The prevalence rate of autism spectrum disorders (ASD) in children is now 1 in 68, according to the CDC. ASD occurs across all racial, ethic, and socioeconomic groups but is about five times more prevalent among boys (1 in 42) than girls (1 in 189). The rate of ASD has risen significantly since 2000 (1 in 150). Why is the rate of ASD increasing so rapidly?
What is Autism
Autism, now known as autism spectrum disorders (ASD), is a group of neurodevelopmental condition, which greatly impacts social interactions, communication and behavioral presentation. Although signs and symptoms can vary child-to-child, a cluster of symptoms is usually reliable in identifying the disorder. Autism can be reliably diagnosed as early as 18 months of age but typical manifestation of the disorder occurs 18 months and 3 years of age. ASD can also be diagnosed well into adulthood.
Signs and Symptoms of ASD
- No babbling by 9 months
- No pointing or gestures by 12 months
- Not responding to their name by 12 months of age
- No single words by 16 months
- Lack of pretend play by 18 months
- No two-word phrases by 24 months
- Any loss of language or social skills at any age
- Extreme difficulty in learning language
- Inappropriate response to people (lack of eye contact, doesn't like being touched/held)
- Inability or reduced ability to play cooperatively with other children
- Inability to understand other people's feelings
- Need for a rigid, highly structured routine
- Extreme hyperactivity or unusual passivity
- Aggressive or self-injurious behavior
- Repetitive body movements (hand flicking, twisting, rocking, spinning)
- Insensitivity to pain or lack of response to cold or heat
- Unusual attachment to inanimate objects
- Frequent crying and tantrums for no apparent reason
- Peculiar speech patterns
- Abnormal responses to sensations such as light, sound, and touch
How is ASD Diagnosed?
ASD is typically diagnosed by comprehensive diagnostic evaluations completed by neurodevelopmental pediatricians, developmental-behavioral pediatricians, child neurologists, psychologists, or other licensed professionals. Typically, professionals will utilize screening tools and more exact diagnostic tool such as the Autism Diagnostic Observation Schedule (ADOS), Autism Diagnostic Interview (ADI-R), Childhood Autism Rating Scale (CARS), or the Gilliam Autism Rating Scale (GARS-2). The American Psychiatric Association's Diagnostic and Statistic Manual, Fifth Edition (DSM-5) provides standardized criteria to help guide a professional diagnosing the disorder.
Although current diagnostic methods are fairly reliable with identifying ASD, a new study found fMRI's to be highly accurate (97%) in identifying the disorder by detecting malfunctions within neurological activation patterns associated with social interaction concepts. This study, published in December 2014, found fMRIs can identify a clear difference between neural activation patterns (brain activity) between a neurotypical adult and a person with ASD when such individuals are exposed to social interaction concepts. The tests also found that fMRIs are capable of identifying the degree to which the disorder impacts the individual's representation of 'self' and behavior (face processing).
How is ASD Treated?
Early intervention is key in ameliorating the impact of ASD on a child. Doctors are trained to frequently use screening tools to detect ASD as early as possible. Research shows early intervention (birth to 36 months) can significantly improve a child's development. Early intervention methods typically include services such as occupational therapy, sensory integration therapy, speech therapy, and applied behavior analysis. Treatment may also include alternative methods such as dietary approach and possibly medication. It should be noted no medication has the ability to cure or even treat the main symptoms of ASD but may be used to treat related symptoms such as hyperactivity.

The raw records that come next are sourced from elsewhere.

(* Let $q$ be a prime power and $k\ge3$, $u\ge2$, $h\ge1$ integers. Let $U_1,\dots,U_h$ be $u$-dimensional subspaces of $\mathbf F_q^k$ with $U_i\cap U_j=\{0\}$ for $i\ne j$, and assume $q^k-q^{k-1}>h(q^u-1)$. Let $U$ be the set of nonzero vectors of $\mathbf F_q^k$ not in $U_1\cup\dots\cup U_h$, let $\widetilde G$ be a $k\times\frac{|U|}{q-1}$ matrix whose columns consist of exactly one representative of each class $\{\lambda\mathbf v:\lambda\in\mathbf F_q^*\}$, $\mathbf v\in U$, and let $\mathbf C$ be the linear code with generator matrix $\widetilde G$. Then $\mathbf C$ is a linear $\big[\frac{(q^k-1)-h(q^u-1)}{q-1},\,k,\,d\big]_q$ code with $d\ge q^{k-1}-hq^{u-1}$, and $\mathbf C$ has at most $h+1$ distinct nonzero weights. *)

From HB Require Import structures.
From mathcomp Require Import all_boot all_order all_algebra all_field.
Set Implicit Arguments. Unset Strict Implicit. Unset Printing Implicit Defensive.
Import GRing.Theory.
Local Open Scope ring_scope.

Definition wt (F : fieldType) (n : nat) (c : 'rV[F]_n) : nat :=
  #|[set j : 'I_n | c 0 j != 0]|.

Definition colv (F : fieldType) (k n : nat) (G : 'M[F]_(k, n)) (j : 'I_n) : 'rV[F]_k :=
  (col j G)^T.

Definition proportional (F : fieldType) (k : nat) (v w : 'rV[F]_k) : Prop :=
  exists2 l : F, l != 0 & w = l *: v.

Definition inU (F : fieldType) (k h : nat) (Us : 'I_h -> {vspace 'rV[F]_k})
  (v : 'rV[F]_k) : Prop :=
  v != 0 /\ forall i, v \notin Us i.

Definition rep_matrix (F : fieldType) (k h n : nat)
  (Us : 'I_h -> {vspace 'rV[F]_k}) (G : 'M[F]_(k, n)) : Prop :=
  [/\ forall j, inU Us (colv G j),
      forall j1 j2, j1 != j2 -> ~ proportional (colv G j1) (colv G j2)
    & forall v, inU Us v -> exists j, proportional v (colv G j)].

From HB Require Import structures.
From mathcomp Require Import all_boot all_order all_algebra all_field.
Set Implicit Arguments. Unset Strict Implicit. Unset Printing Implicit Defensive.
Import GRing.Theory.
Local Open Scope ring_scope.

(* For x <> 0 the weight of x G counts the columns v with x.v <> 0, i.e. the
   points of U off the hyperplane x^perp.  Counting the nonzero vectors off
   x^perp in two ways: in F^k there are (q-1)q^(k-1) of them, while each U_i
   contains either none or (q-1)q^(u-1) of them (as U_i lies in x^perp or not)
   and, the U_i meeting only in 0, the rest lie in U, in classes of size q-1.
   Hence wt(x G) = q^(k-1) - m q^(u-1) for some m <= h: at most h+1 values,
   all positive by the bound on h, so G has full rank.  The length is the same
   count with x.v <> 0 replaced by v <> 0. *)

Lemma subn_expn_pred (q a : nat) :
  (0 < a)%N -> (q ^ a - q ^ a.-1 = q.-1 * q ^ a.-1)%N.
Proof. by case: a => // a _; rewrite /= expnS -subn1 mulnBl mul1n. Qed.

Lemma ltn_mul_expn_pred (q a b m h : nat) :
  (0 < a)%N -> (m <= h)%N -> (h * (q ^ a - 1) < q ^ b - q ^ b.-1)%N ->
  (m * q ^ a.-1 < q ^ b.-1)%N.
Proof.
case: b => [|b] a_gt0 le_mh; first by rewrite subnn ltn0.
rewrite subn_expn_pred //= => hb.
have q_gt0 : (0 < q)%N by case: q hb => //; rewrite muln0 ltn0.
have le_lhs : (m * (q.-1 * q ^ a.-1) <= h * (q ^ a - 1))%N.
  by rewrite -subn_expn_pred // leq_mul // leq_sub2l // expn_gt0 q_gt0.
by have := leq_ltn_trans le_lhs hb; rewrite mulnCA ltn_mul2l => /andP[].
Qed.

Lemma wt_mulmx (F : fieldType) (k n : nat) (G : 'M[F]_(k, n)) (x : 'rV[F]_k) :
  wt (x *m G) = #|[set j | colv G j *m x^T != 0]|.
Proof.
have mx11_eq0 (A : 'M[F]_1) : (A == 0) = (A 0 0 == 0).
  by apply/eqP/eqP => [-> | A0]; [rewrite mxE | apply/rowP => j; rewrite ord1 mxE].
apply: eq_card => j; rewrite !inE mx11_eq0 !mxE; congr (_ != 0).
by apply: eq_bigr => i _; rewrite /colv !mxE mulrC.
Qed.

Lemma wt0 (F : fieldType) (n : nat) : wt (0 : 'rV[F]_n) = 0%N.
Proof. by apply: eq_card0 => j; rewrite !inE mxE eqxx. Qed.

Section LinearForm.
Variables (F : finFieldType) (k : nat) (wT : vectType F).
Implicit Types (f : 'Hom('rV[F]_k, wT)) (W : {vspace 'rV[F]_k}).

Lemma card_memv_lfun_neq0 f W :
  #|[set v in W | f v != 0]| = (#|F| ^ \dim W - #|F| ^ \dim (W :&: lker f))%N.
Proof.
rewrite -!card_vspace.
have -> : #|(W :&: lker f)%VS| = #|[predI W & lker f]|.
  by apply: eq_card => v; rewrite inE memv_cap.
rewrite -(cardID (lker f) W) addKn.
by apply: eq_card => v; rewrite !inE memv_ker andbC.
Qed.

Lemma card_lform_neq0 f W : \dim {:wT} = 1%N ->
  let c := #|[set v in W | f v != 0]| in
  c = 0%N \/ c = (#|F|.-1 * #|F| ^ (\dim W).-1)%N.
Proof.
move=> dim_wT c; rewrite /c card_memv_lfun_neq0 -(limg_ker_dim f W).
have : (\dim (f @: W) <= 1)%N by rewrite -[X in (_ <= X)%N]dim_wT dimvS ?subvf.
case: (\dim (f @: W)) => [|[|//]] _; first by left; rewrite addn0 subnn.
by right; rewrite addn1 subn_expn_pred.
Qed.

End LinearForm.

Section DisjointSubspaces.
Variables (F : finFieldType) (k h : nat) (Us : 'I_h -> {vspace 'rV[F]_k}).
Hypothesis Us_disj : forall i j, i != j -> (Us i :&: Us j)%VS = 0%VS.

Lemma sum_memv_disjoint v : v != 0 ->
  (\sum_i (v \in Us i) = [exists i, v \in Us i])%N.
Proof.
move=> v_neq0; case: existsP => [[i vUi] | vU]; last first.
  by rewrite big1 // => i _; case: (boolP (v \in Us i)) => // vUi; case: vU; exists i.
rewrite (bigD1 i) //= vUi big1 // => j ji; case: (boolP (v \in Us j)) => // vUj.
by move: v_neq0; rewrite -memv0 -(Us_disj ji) memv_cap vUj vUi.
Qed.

Lemma card_split_subspaces (P : pred 'rV[F]_k) : ~~ P 0 ->
  #|[set v | P v]| = (#|[set v | P v && [forall i, v \notin Us i]]|
                      + \sum_i #|[set v | P v && (v \in Us i)]|)%N.
Proof.
have card_indicator (Q : pred 'rV[F]_k) : #|[set v | Q v]| = (\sum_v Q v)%N.
  by rewrite -sum1dep_card big_mkcond; apply: eq_bigr => v _; case: (Q v).
move=> P0; rewrite !card_indicator.
under [X in (_ + X)%N]eq_bigr do rewrite card_indicator.
rewrite exchange_big -big_split; apply: eq_bigr => v _ /=.
case Pv: (P v); last by rewrite big1.
have v_neq0 : v != 0 by apply: contraNneq P0 => <-; rewrite Pv.
by rewrite sum_memv_disjoint // -negb_exists; case: [exists i, _].
Qed.

Section RepresentativeMatrix.
Variables (n : nat) (G : 'M[F]_(k, n)).
Hypothesis G_rep : rep_matrix Us G.

Lemma card_rep_classes (P : pred 'rV[F]_k) :
  ~~ P 0 -> (forall a v, a != 0 -> P (a *: v) = P v) ->
  #|[set v | P v && [forall i, v \notin Us i]]| =
  (#|F|.-1 * #|[set j | P (colv G j)]|)%N.
Proof.
move=> P0 P_scale; case: G_rep => col_inU col_nprop inU_col.
pose scale_col (ja : 'I_n * F) := ja.2 *: colv G ja.1.
have -> : [set v | P v && [forall i, v \notin Us i]] =
          scale_col @: setX [set j | P (colv G j)] [set~ 0].
  apply/setP => v; rewrite inE; apply/andP/imsetP => [[Pv /forallP vU] | [[j a]]].
    have v_neq0 : v != 0 by apply: contraNneq P0 => <-.
    have [j [a a_neq0 colE]] := inU_col v (conj v_neq0 vU).
    exists (j, a^-1); first by rewrite in_setX !inE /= colE P_scale // Pv invr_eq0.
    by rewrite /scale_col /= colE scalerA mulVf // scale1r.
  rewrite in_setX !inE /= => /andP[Pj a_neq0] ->; have [_ colU] := col_inU j.
  rewrite /scale_col /= P_scale //; split=> //; apply/forallP => i.
  by rewrite rpredZeq (negbTE a_neq0) colU.
rewrite card_in_imset ?cardsX ?cardsC1 1?mulnC //.
move=> [j1 a1] [j2 a2]; rewrite !in_setX !inE /= => /andP[_ a1_neq0] /andP[_ a2_neq0].
rewrite /scale_col /= => colE.
have j12 : j1 = j2.
  case: (eqVneq j1 j2) => // /col_nprop[]; exists (a2^-1 * a1).
    by rewrite mulf_neq0 ?invr_eq0.
  by rewrite -scalerA colE scalerA mulVf // scale1r.
subst j2; have [col_neq0 _] := col_inU j1; congr pair.
move/eqP: colE; rewrite -subr_eq0 -scalerBl scaler_eq0 (negbTE col_neq0) orbF.
by rewrite subr_eq0 => /eqP.
Qed.

Lemma card_pred_rep_matrix (P : pred 'rV[F]_k) :
  ~~ P 0 -> (forall a v, a != 0 -> P (a *: v) = P v) ->
  #|[set v | P v]| = (#|F|.-1 * #|[set j | P (colv G j)]|
                      + \sum_i #|[set v | P v && (v \in Us i)]|)%N.
Proof. by move=> P0 P_scale; rewrite (card_split_subspaces P0) card_rep_classes. Qed.

Variable u : nat.
Hypothesis Us_dim : forall i, \dim (Us i) = u.

Lemma rep_matrix_length : ((#|F| ^ k).-1 = #|F|.-1 * n + h * (#|F| ^ u).-1)%N.
Proof.
have [col_inU _ _] := G_rep.
pose P (v : 'rV[F]_k) := v != 0.
have P0 : ~~ P 0 by rewrite /P eqxx.
have P_scale a v : a != 0 -> P (a *: v) = P v.
  by move=> a_neq0; rewrite /P scaler_eq0 (negbTE a_neq0).
have := card_pred_rep_matrix P0 P_scale.
have -> : [set v | P v] = [set~ 0] by apply/setP => v; rewrite !inE.
rewrite cardsC1 card_mx mul1n => ->.
have -> : [set j | P (colv G j)] = setT.
  by apply/setP => j; rewrite !inE; case: (col_inU j).
rewrite cardsT card_ord; congr (_ + _)%N.
rewrite -[in RHS](card_ord h) -sum_nat_const; apply: eq_bigr => i _.
rewrite -(Us_dim i) -card_vspace (cardD1 0 (Us i)) mem0v add1n /=.
by apply: eq_card => v; rewrite !inE.
Qed.

Lemma wt_rep_matrix (x : 'rV[F]_k) : x != 0 ->
  exists2 m, (m <= h)%N & (wt (x *m G) + m * #|F| ^ u.-1 = #|F| ^ k.-1)%N.
Proof.
move=> x_neq0; have q_gt1 : (1 < #|F|)%N := finNzRing_gt1 F.
have q1_gt0 : (0 < #|F|.-1)%N by rewrite -subn1 subn_gt0.
pose f : 'Hom('rV[F]_k, 'M[F]_1) := linfun (mulmxr x^T).
have fE v : f v = v *m x^T by rewrite lfunE.
have dim_f : \dim {:'M[F]_1} = 1%N by rewrite dimvf /dim /= mul1n.
pose P (v : 'rV[F]_k) := f v != 0.
have P0 : ~~ P 0 by rewrite /P linear0 eqxx.
have P_scale a v : a != 0 -> P (a *: v) = P v.
  by move=> a_neq0; rewrite /P linearZ scaler_eq0 (negbTE a_neq0).
have := card_pred_rep_matrix P0 P_scale.
have -> : #|[set j | P (colv G j)]| = wt (x *m G).
  by rewrite wt_mulmx; apply: eq_card => j; rewrite !inE /P fE.
have -> : #|[set v | P v]| = (#|F|.-1 * #|F| ^ k.-1)%N.
  have := card_lform_neq0 f fullv dim_f; rewrite dimvf /dim /= mul1n.
  case=> [f_eq0 | <-]; last by apply: eq_card => v; rewrite !inE memvf.
  case/negP: x_neq0; rewrite -trmx_eq0; apply/mulmxP => v; rewrite mulmx0 -fE.
  by move/card0_eq/(_ v): f_eq0; rewrite !inE memvf => /negbFE/eqP.
have d_gt0 : (0 < #|F|.-1 * #|F| ^ u.-1)%N by rewrite muln_gt0 q1_gt0 expn_gt0 ltnW.
have Us_count i : #|[set v | P v && (v \in Us i)]| =
    ((#|[set v in Us i | f v != 0%R]| != 0%N) * (#|F|.-1 * #|F| ^ u.-1))%N.
  have -> : [set v | P v && (v \in Us i)] = [set v in Us i | f v != 0].
    by apply/setP => v; rewrite !inE andbC.
  by case: (card_lform_neq0 f (Us i) dim_f) => ->; rewrite ?Us_dim // -lt0n d_gt0 mul1n.
rewrite (eq_bigr _ (fun i _ => Us_count i)) -big_distrl /= mulnCA -mulnDr.
move/eqP; rewrite eqn_pmul2l // eq_sym => /eqP wtE.
exists (\sum_i (#|[set v in Us i | f v != 0%R]| != 0%N))%N => //.
apply: (@leq_trans (\sum_(i < h) 1)%N); first by apply: leq_sum => i _; apply: leq_b1.
by rewrite sum_nat_const card_ord muln1.
Qed.

Lemma wt_rep_matrix_gt0 (x : 'rV[F]_k) : (0 < u)%N ->
  (h * (#|F| ^ u - 1) < #|F| ^ k - #|F| ^ k.-1)%N -> x != 0 ->
  (0 < wt (x *m G))%N.
Proof.
move=> u_gt0 hbound /wt_rep_matrix[m le_mh wtE].
have := ltn_mul_expn_pred u_gt0 le_mh hbound.
by rewrite -wtE -{1}[(m * _)%N]add0n ltn_add2r.
Qed.

End RepresentativeMatrix.
End DisjointSubspaces.

Theorem theorem2p1 (F : finFieldType) (k u h : nat)
  (Us : 'I_h -> {vspace 'rV[F]_k})
  (hk : (3 <= k)%N) (hu : (2 <= u)%N) (hh : (1 <= h)%N)
  (hdim : forall i, \dim (Us i) = u)
  (hdisj : forall i j, i != j -> (Us i :&: Us j)%VS = 0%VS)
  (hbound : (h * (#|F| ^ u - 1) < #|F| ^ k - #|F| ^ k.-1)%N)
  (n : nat) (G : 'M[F]_(k, n)) (hG : rep_matrix Us G) :
  [/\ n = (((#|F| ^ k - 1) - h * (#|F| ^ u - 1)) %/ (#|F| - 1))%N,
      \rank G = k,
      (forall x : 'rV[F]_k, x *m G != (0%R : 'rV[F]_n) ->
         (#|F| ^ k.-1 - h * #|F| ^ u.-1 <= wt (x *m G))%N)
    & (size (undup [seq wt (x *m G) | x <- enum 'rV[F]_k & x *m G != (0%R : 'rV[F]_n)])
         <= h.+1)%N].
Proof.
have q1_gt0 : (0 < #|F| - 1)%N by rewrite subn_gt0 finNzRing_gt1.
have u_gt0 : (0 < u)%N by apply: leq_trans hu.
have wt_gt0 := wt_rep_matrix_gt0 hdisj hG hdim u_gt0 hbound.
have wtE := wt_rep_matrix hdisj hG hdim.
have codeword_neq0 x : x *m G != 0 -> x != 0.
  by apply: contraNneq => ->; rewrite mul0mx.
split.
- by rewrite !subn1 (rep_matrix_length hdisj hG hdim) addnK mulKn // -subn1.
- apply/eqP/inj_row_free => x xG0; have [// | x_neq0] := eqVneq x 0.
  by have := wt_gt0 x x_neq0; rewrite xG0 wt0.
- move=> x /codeword_neq0/wtE[m le_mh <-].
  by rewrite leq_subLR addnC leq_add2r leq_mul2r le_mh orbT.
- apply: (@leq_trans (size [seq (#|F| ^ k.-1 - m * #|F| ^ u.-1)%N | m <- iota 0 h.+1]));
    last by rewrite size_map size_iota.
  apply: uniq_leq_size; first exact: undup_uniq.
  move=> w; rewrite mem_undup => /mapP[x].
  rewrite mem_filter => /andP[/codeword_neq0 x_neq0 _] ->.
  have [m le_mh <-] := wtE x x_neq0.
  by apply/mapP; exists m; rewrite ?addnK // mem_iota ltnS.
Qed.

Scientists have conducted new research on the use of oxytocin in treating individuals with autism and have found promising results. A double-blind, randomized, placebo-controlled study found that the use of oxytocin nasal spray increased participants' performance in emotional recognition tests. Another study that oxytocin is not lacking in children with ASD.

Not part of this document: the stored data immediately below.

(* For $n\ge3$ let $C_n$ be the cycle graph with $n$ vertices and let $\mathbb{Z}$ be the one-dimensional integer lattice (the 2-regular graph on $\mathbb{Z}$ with edges $\{k,k+1\}$). Let $\mu$ be the probability measure on $[0,4]$ that is the image of the normalized Lebesgue measure $\frac{dx}{2\pi}$ on $[0,2\pi)$ under the map $x\mapsto 2(1-\cos x)$ (the spectral measure of the Laplacian of $\mathbb{Z}$). Then for every complex $u$ with $|u|<1$, \[ \lim_{n\to\infty}\zeta_{C_n}(u)^{-1}=\zeta_{\mathbb{Z}}(u)^{-1}=\exp\Big(\int\log(1-2u+u^2+\lambda u)\,d\mu(\lambda)\Big), \] where $\log$ is the principal branch.
   Context: For a vertex transitive $(q+1)$-regular graph $G$ and a fixed vertex $x_0$, the generalized Ihara zeta function is $\zeta_G(u)=\exp\big(\sum_{m\ge1}\frac{N^0_m}{m}u^m\big)$, where $N^0_m$ is the number of reduced $x_0$-cycles of length $m$ in $G$. Here a path of length $m$ is a sequence $(e_1,\ldots,e_m)$ of oriented edges with the terminus of $e_i$ equal to the origin of $e_{i+1}$; it has a backtracking if $e_{i+1}=e_i^{-1}$ for some $i$ (the reversed arc); an $x_0$-cycle is a path starting and ending at $x_0$; it has a tail if $e_m=e_1^{-1}$; it is reduced if it has neither a backtracking nor a tail. *)

From Stdlib Require Import Reals List ZArith Arith Bool.
From Coquelicot Require Import Coquelicot.
Import ListNotations.
Open Scope R_scope.
Open Scope bool_scope.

Oxytocin, more commonly known as the love hormone, is produced by the hypothalamus and is instrumental in brain development. It has a strong role in creating healthy bonds between attachment figures and is essential to development of feelings of trust and empathy.
Causes and Factors of ASD
Scientists have not found a singular cause of ASD but we have learned many factors likely contribute to the development of ASD, including biological, genetic, and environmental factors. Scientists agree that genes are likely one of the risk factors; children who have a sibling with ASD are at a higher risk of developing the disorder. Pregnant mothers taking drugs like valproic acid and thalidomide have an increased risk of having a child with ASD. Also, children born to older parents have an increased risk of developing ASD. Researchers are currently working on studies to better understand the risks, causes, and factors of ASD.